Thursday brought grim tidings for public health in Pakistan: the first wild poliovirus detection of 2026 in a four-year-old from Sindh’s Sujawal district, Bello Union Council. Labs in Islamabad sealed the diagnosis, alerting authorities to renewed threats.
Dawn cited NEOC data, with NIH and the reference lab affirming the find. Only Pakistan and Afghanistan harbor endemic wild polio, fueled by assaults on vaccinators in KP and Balochistan.
Campaign stats reveal triumphs and trials. 44.3 million children immunized at 98% coverage, but 0.95 million missed—0.67 million away, offset by 2.5 million guests. Snow, security, and boycotts stranded 233,000: 184,000 in KP, 50,000 in PoJK/PoGB.

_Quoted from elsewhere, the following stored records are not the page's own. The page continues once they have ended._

Lemma tri_area_line_inters P0 d0 P1 d1 P2 d2 :
  cross d0 d1 <> 0 -> cross d1 d2 <> 0 -> cross d2 d0 <> 0 ->
  tri_area (line_inter P1 d1 P2 d2) (line_inter P0 d0 P1 d1) (line_inter P0 d0 P2 d2) =
  tangent_triangle_det P0 d0 P1 d1 P2 d2 ^ 2
    / (2 * Rabs (cross d0 d1 * cross d1 d2 * cross d2 d0)).
Proof.
  intros H1 H2 H3. unfold tri_area.
  assert (E : cross (psub (line_inter P0 d0 P1 d1) (line_inter P1 d1 P2 d2))
                    (psub (line_inter P0 d0 P2 d2) (line_inter P1 d1 P2 d2)) =
              - (tangent_triangle_det P0 d0 P1 d1 P2 d2 ^ 2
                  / (cross d0 d1 * cross d1 d2 * cross d2 d0))).
  { destruct P0 as [a0 b0], P1 as [a1 b1], P2 as [a2 b2],
      d0 as [p0 q0], d1 as [p1 q1], d2 as [p2 q2].
    unfold cross, psub, line_inter, tangent_triangle_det in *; simpl in *.
    unfold cross, psub; simpl. field. repeat split; auto. intro E; apply H3; lra. }
  rewrite E, Rabs_Ropp. unfold Rdiv. rewrite Rabs_mult, Rabs_inv.
  rewrite (Rabs_right (tangent_triangle_det P0 d0 P1 d1 P2 d2 ^ 2)) by apply Rle_ge, pow2_ge_0.
  field. apply Rabs_no_R0. repeat apply Rmult_integral_contrapositive; auto.
Qed.

Lemma tangent_triangle_det_twice P0 d0 P1 d1 : tangent_triangle_det P0 d0 P1 d1 P1 d1 = 0.
Proof. unfold tangent_triangle_det, cross. ring. Qed.

Definition parabola_pt (c e1 e2 : pt) (t : R) : pt :=
  (fst c + t * fst e1 + t ^ 2 * fst e2, snd c + t * snd e1 + t ^ 2 * snd e2).
Lemma cell_count_bounds (l : nat) :
  N - m %% 2 ^ l <= cell_count N m l * 2 ^ l < N - m %% 2 ^ l + 2 ^ l.
Proof.
have mN := m_lt_N.
elim: l => [|l /andP[IH1 IH2]]; first by rewrite /= expn0 modn1 subn0 muln1; lia.
have sm : m %% 2 ^ l.+1 <= m by apply: leq_mod.
move: sm; rewrite /= modn_pow2S expnS.
set p := 2 ^ l; set s := m %% p; set C := cell_count N m l.
have p0 : 0 < p by rewrite expn_gt0.
have sp : s < p by rewrite ltn_pmod.
have sm : s <= m by apply: leq_mod.
move: IH1 IH2; rewrite -/p -/s -/C.
have HC : C = odd C + C./2 * 2 by rewrite muln2 odd_double_half.
have HU : uphalf C = odd C + C./2 by rewrite uphalf_half.
case: (eps l m) => /=; rewrite ?HU; move: HC; set x := C./2; set o := odd C.
  by case: o => /= -> ; rewrite !mulnDl; nia.
by case: o => /= -> ; rewrite ?mulnDl; nia.
Qed.

Lemma cell_count_gt0 (l : nat) : 0 < cell_count N m l.
Proof.
have /andP[h1 h2] := cell_count_bounds l; have sm : m %% 2 ^ l <= m by apply: leq_mod.
have := m_lt_N; by case: (cell_count N m l) h1 => //; rewrite mul0n; lia.
Qed.

Lemma cell_count_lt (l : nat) : N < (cell_count N m l).+1 * 2 ^ l.
Proof.
have /andP[h1 h2] := cell_count_bounds l.
have sp : m %% 2 ^ l < 2 ^ l by rewrite ltn_pmod // expn_gt0.
by rewrite mulSn; lia.
Qed.

Lemma cell_count_le1 (l : nat) : cell_count N m l <= 1 -> N < 2 ^ l.+1.
Proof.
move=> c1; have /andP[h1 h2] := cell_count_bounds l.
have : cell_count N m l * 2 ^ l <= 2 ^ l.
  by rewrite -{2}(mul1n (2 ^ l)) leq_mul2r c1 orbT.
by rewrite expnS; lia.
Qed.
Lemma pideal0 x : 0 \in pideal x.
Proof. by rewrite -(mul0r x) pidealM. Qed.

Lemma pidealB x : {in pideal x &, forall u v, u - v \in pideal x}.
Proof. by move=> _ _ /pidealP[a ->] /pidealP[b ->]; rewrite -mulrBl pidealM. Qed.

Lemma pideal1 : pideal 1 = [set: R].
Proof. by apply/setP => y; rewrite inE -[y]mulr1 pidealM. Qed.

Lemma unitr1B_nilpotent a n : a ^+ n = 0 -> 1 - a \is a GRing.unit.
Proof.
move=> an0; apply/unitrPr; exists (\sum_(i < n) a ^+ i).
by rewrite -opprB mulNr -subrX1 an0 sub0r opprK.
Qed.

Lemma nonunit_mem_pideal z u n :
  is_maximal_ideal (pideal z) -> z ^+ n = 0 -> u \isn't a GRing.unit ->
  u \in pideal z.
Proof.
move=> [_ _ zmax] zn0 u_nonunit.
pose J := [set a * z + b * u | a in [set: R], b in [set: R]].
have J_ideal : is_ideal J.
  split.
  - by apply/imset2P; exists 0 0; rewrite ?inE ?mul0r ?addr0.
  - move=> _ _ /imset2P[a b _ _ ->] /imset2P[a' b' _ _ ->].
    by apply/imset2P; exists (a + a') (b + b'); rewrite ?inE // !mulrDl addrACA.
  - move=> c _ /imset2P[a b _ _ ->].
    by apply/imset2P; exists (c * a) (c * b); rewrite ?inE // mulrDr !mulrA.
have zJ : pideal z \subset J.
  by apply/subsetP => _ /pidealP[a ->]; apply/imset2P; exists a 0; rewrite ?inE ?mul0r ?addr0.
have uJ : u \in J by apply/imset2P; exists 0 1; rewrite ?inE ?mul0r ?mul1r ?add0r.
case: (zmax J J_ideal zJ) => [<- //|JT].
have /imset2P[a b _ _ one_eq] : 1 \in J by rewrite JT inE.
have : b * u \is a GRing.unit.
  rewrite (_ : b * u = 1 - a * z); last by rewrite one_eq addrAC subrr add0r.
  by apply: (@unitr1B_nilpotent _ n); rewrite exprMn zn0 mulr0.
by rewrite unitrM (negPf u_nonunit) andbF.
Qed.

Definition add_coset (S : {set R}) x : {set R} := [set x + y | y in S].

Lemma mem_add_coset x y w : (w \in add_coset (pideal x) y) = (w - y \in pideal x).
Proof.
apply/imsetP/idP => [[s xs ->]|xwy]; last by exists (w - y); rewrite // addrC subrK.
by rewrite addrC addKr.
Qed.

Lemma eq_add_coset x y y' :
  (add_coset (pideal x) y == add_coset (pideal x) y') = (y - y' \in pideal x).
Proof.
apply/eqP/idP => [eqyy'|xyy'].
  by rewrite -mem_add_coset -eqyy' mem_add_coset subrr pideal0.
have xy'y : y' - y \in pideal x by rewrite -opprB -sub0r pidealB ?pideal0.
apply/setP => w; rewrite !mem_add_coset; apply/idP/idP => xw.
  by rewrite -(subrKA y) -[y - y']opprB pidealB.
by rewrite -(subrKA y') -[y' - y]opprB pidealB.
Qed.

Lemma card_residue x : #|R| = (residue_card x * #|pideal x|)%N.
Proof.
rewrite -cardsT.
rewrite (card_uniform_fibers (f := add_coset (pideal x)) (k := #|pideal x|)) => [|y _].
  by congr (_ * _)%N; apply: eq_card => S; apply/imsetP/imsetP => -[w _ ->]; exists w.
rewrite -[RHS](card_imset _ (addrI y)); apply: eq_card => w.
by rewrite !inE eq_add_coset -mem_add_coset.
Qed.

End PrincipalIdeals.

Section UniformizerPowers.
Variables (R : finComUnitRingType) (z : R) (r : nat).
Hypotheses (zmax : is_maximal_ideal (pideal z)) (zr : nilp_degree z r).

Let q := residue_card z.

Lemma nilp_degree_gt0 : (0 < r)%N.
Proof. by case: zr; case: r => // /eqP; rewrite expr0 oner_eq0. Qed.

Lemma card_pideal_expS j : (j < r)%N -> #|pideal (z ^+ j)| = (q * #|pideal (z ^+ j.+1)|)%N.
Proof.
move=> ltjr; pose f a := a * z ^+ j.
have fB : {morph f : u v / u - v} by move=> u v; rewrite /f mulrBl.
have kerf : [set a in pideal z | f a == 0] = [set a in [set: R] | f a == 0].
  apply/setP => a; rewrite !inE andb_idl // => /eqP faz.
  apply: (nonunit_mem_pideal zmax zr.1); apply: contraNN (zr.2 j ltjr) => a_unit.
  by rewrite -(mulKr a_unit (z ^+ j)) [a * _]faz mulr0.
have fR : f @: [set: R] = pideal (z ^+ j).
  by apply/setP => w; apply/imsetP/pidealP => -[a]; exists a.
have fz : f @: pideal z = pideal (z ^+ j.+1).
  apply/setP => w; apply/imsetP/pidealP => [[_ /pidealP[a ->] ->]|[a ->]].
    by exists a; rewrite /f -mulrA -exprS.
  by exists (a * z); rewrite ?pidealM // /f -mulrA -exprS.
have := card_additive_fibers fB (pidealB (x := z)).
have := card_additive_fibers (S := [set: R]) fB (fun u v _ _ => in_setT (u - v)).
rewrite kerf fz fR cardsT (card_residue z) -/q => eqR eqz.
have kerf_gt0 : (0 < #|[set a in [set: R] | f a == 0%R]|)%N.
  by apply/card_gt0P; exists 0%R; rewrite !inE /= /f mul0r.
by apply/eqP; rewrite -(eqn_pmul2r kerf_gt0) -eqR eqz mulnA.
Qed.

Lemma card_pideal_exp j : (j <= r)%N -> #|pideal (z ^+ j)| = (q ^ (r - j))%N.
Proof.
move=> lejr; rewrite -{1}(subKn lejr); elim: (r - j)%N (leq_subr j r) => [_|k IHk ltkr].
  rewrite subn0 zr.1 (_ : pideal 0 = [set 0]) ?cards1 //.
  by apply/setP => w; rewrite inE; apply/pidealP/eqP => [[a ->]|->]; [|exists 0]; rewrite mulr0.
rewrite card_pideal_expS; last by lia.
by rewrite subnSK // IHk 1?ltnW // expnS.
Qed.

Lemma card_ring : #|R| = (q ^ r)%N.
Proof. by rewrite -cardsT -pideal1 -(expr0 z) card_pideal_exp ?subn0. Qed.

Lemma card_maximal_ideal : #|pideal z| = (q ^ r.-1)%N.
Proof. by rewrite -(expr1 z) card_pideal_exp ?subn1 // nilp_degree_gt0. Qed.

End UniformizerPowers.

Lemma sum_setX (T1 T2 : finType) (A1 : {set T1}) (A2 : {set T2}) (F : T1 * T2 -> nat) :
  (\sum_(u in setX A1 A2) F u = \sum_(a in A1) \sum_(b in A2) F (a, b))%N.
Proof. by rewrite pair_big; apply: eq_big => [[a b]|[a b] _]; rewrite ?inE. Qed.

Lemma sum_pred_card (T : finType) (D : {set T}) (Q : pred T) :
  (\sum_(x in D) Q x)%N = #|[set x in D | Q x]|.
Proof. by rewrite -sum1dep_card big_mkcondr; apply: eq_bigr => x _; case: (Q x). Qed.

Lemma sum_card_incidence (X Y : finType) (P : {set X}) (L : {set Y}) (E : Y -> X -> bool) :
  (\sum_(p in P) #|[set l in L | E l p]| = \sum_(l in L) #|[set p in P | E l p]|)%N.
Proof.
under eq_bigr do rewrite -sum_pred_card; rewrite exchange_big /=.
by under [RHS]eq_bigr do rewrite -sum_pred_card.
Qed.

Section FunctionGraphs.
Variables (T I : finType) (F : I -> T -> T) (L : {set I}).

Definition graph_deg (p : T * T) : nat := #|[set l in L | p.2 == F l p.1]|.

Lemma card_graph_in (P : {set T * T}) (E : I -> T * T -> bool) l :
  {in P, forall p, E l p = (p.2 == F l p.1)} ->
  #|[set p in P | E l p]| = #|[set t | (t, F l t) \in P]|.
Proof.
move=> El; have graph_inj : injective (fun t => (t, F l t)) by move=> t t' [].
rewrite -[RHS](card_imset _ graph_inj).
apply: eq_card => -[t s]; rewrite !inE; apply/andP/imsetP => [[Pts]|[t' Pt' [-> ->]]].
  by rewrite El //= => /eqP sE; exists t; rewrite ?inE -?sE.
by rewrite inE in Pt'; rewrite El //= eqxx.
Qed.

Lemma sum_graph_deg_in (P : {set T * T}) :
  (\sum_(p in P) graph_deg p = \sum_(l in L) #|[set t | (t, F l t) \in P]|)%N.
Proof.
rewrite sum_card_incidence; apply: eq_bigr => l _.
exact: (card_graph_in (E := fun l p => p.2 == F l p.1)).
Qed.

Lemma sum_graph_deg : (\sum_p graph_deg p = #|L| * #|T|)%N.
Proof.
rewrite -(eq_bigl _ _ (@in_setT _)).
rewrite sum_graph_deg_in -sum_nat_const; apply: eq_bigr => l _.
by rewrite -cardsT; apply: eq_card => t; rewrite !inE.
Qed.

Lemma sum_graph_deg_sqr :
  (\sum_p graph_deg p ^ 2 = \sum_(l in L) \sum_(l' in L) #|[set t | F l t == F l' t]|)%N.
Proof.
pose on l (p : T * T) := p.2 == F l p.1.
rewrite -(sum_setX L L (fun ll => #|[set t | F ll.1 t == F ll.2 t]|)).
transitivity (\sum_(ll in setX L L) #|[set p in [set: T * T] | on ll.1 p && on ll.2 p]|)%N.
  rewrite -(sum_card_incidence _ _ (fun ll p => on ll.1 p && on ll.2 p)).
  rewrite -(eq_bigl _ _ (@in_setT _)); apply: eq_bigr => p _.
  rewrite expnS expn1 -cardsX; apply: eq_card => -[l l'].
  by rewrite !inE andbACA.
apply: eq_bigr => -[l l'] _ /=.
rewrite (eq_card (B := [set p in [set p | on l' p] | on l p])) => [|p]; last first.
  by rewrite !inE /= andbC.
by rewrite (card_graph_in (E := on)) //; apply: eq_card => t; rewrite !inE.
Qed.

End FunctionGraphs.

Section SecondMoment.
Variable F : realFieldType.

Lemma sqr_sum_le_card_sum_sqr (X : finType) (P : {set X}) (e : X -> F) :
  (\sum_(x in P) e x) ^+ 2 <= #|P|%:R * \sum_(x in P) e x ^+ 2.
Proof.
set D := \sum_(x in P) e x; set S2 := \sum_(x in P) e x ^+ 2; set p : F := #|P|%:R.
have : 0 <= \sum_(x in P) (p * e x - D) ^+ 2 by apply: sumr_ge0 => x _; exact: sqr_ge0.
have -> : \sum_(x in P) (p * e x - D) ^+ 2 = p * (p * S2 - D ^+ 2).
  rewrite (eq_bigr (fun x => p ^+ 2 * e x ^+ 2 - 2 * p * D * e x + D ^+ 2)) => [|x _]; last by ring.
  by rewrite big_split sumrB -!mulr_sumr sumr_const -mulr_natr -/D -/S2 -/p /=; ring.
have [p_gt0|p_lt0|/eqP] := ltrgt0P p.
- by rewrite pmulr_rge0 // subr_ge0.
- by move: p_lt0; rewrite ltNge ler0n.
rewrite pnatr_eq0 cards_eq0 => /eqP P0 _.
by rewrite /D /S2 P0 !big_set0 expr0n mulr0.
Qed.

Lemma sqr_deviation_le (X : finType) (d : X -> F) (P : {set X}) (Q : F) :
  \sum_x d x ^+ 2 <= Q ->
  (#|X|%:R * \sum_(x in P) d x - #|P|%:R * \sum_x d x) ^+ 2
    <= #|P|%:R * #|X|%:R * (#|X|%:R * Q - (\sum_x d x) ^+ 2).
Proof.
set n : F := #|X|%:R; set p : F := #|P|%:R; set S := \sum_x d x => sumQ.
pose e x := n * d x - S.
have sumPe : \sum_(x in P) e x = n * \sum_(x in P) d x - p * S.
  by rewrite sumrB -mulr_sumr sumr_const -mulr_natl.
have sumXe : \sum_x e x ^+ 2 = n * (n * \sum_x d x ^+ 2 - S ^+ 2).
  rewrite (eq_bigr (fun x => n ^+ 2 * d x ^+ 2 - 2 * n * S * d x + S ^+ 2)) => [|x _]; last first.
    by rewrite /e; ring.
  by rewrite big_split sumrB -!mulr_sumr sumr_const -mulr_natr -/S /=; ring.
have n_ge0 : 0 <= n by rewrite ler0n.
have p_ge0 : 0 <= p by rewrite ler0n.
rewrite -sumPe (le_trans (sqr_sum_le_card_sum_sqr P e)) // -mulrA ler_wpM2l //.
apply: (le_trans (y := \sum_x e x ^+ 2)).
  by rewrite [X in _ <= X](bigID (mem P)) /= lerDl sumr_ge0 // => x _; rewrite sqr_ge0.
by rewrite sumXe ler_wpM2l // lerB // ler_wpM2l.
Qed.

Balochistan suspended in danger zones like Gwadar. 0.14% refusals included Karachi’s 31,000 of 53,000 total, 58% national share; one million overall misses in opener.
Doses distributed: Punjab >22.9M, Sindh >10.5M, KP >7.13M, Balochistan >2.3M. Islamabad >455K, PoGB ~261K, PoJK >673K.
Impressive reach cannot mask this case’s warning. Pakistan must bridge divides—geographic, social, secure—to eradicate polio before it claims more young lives.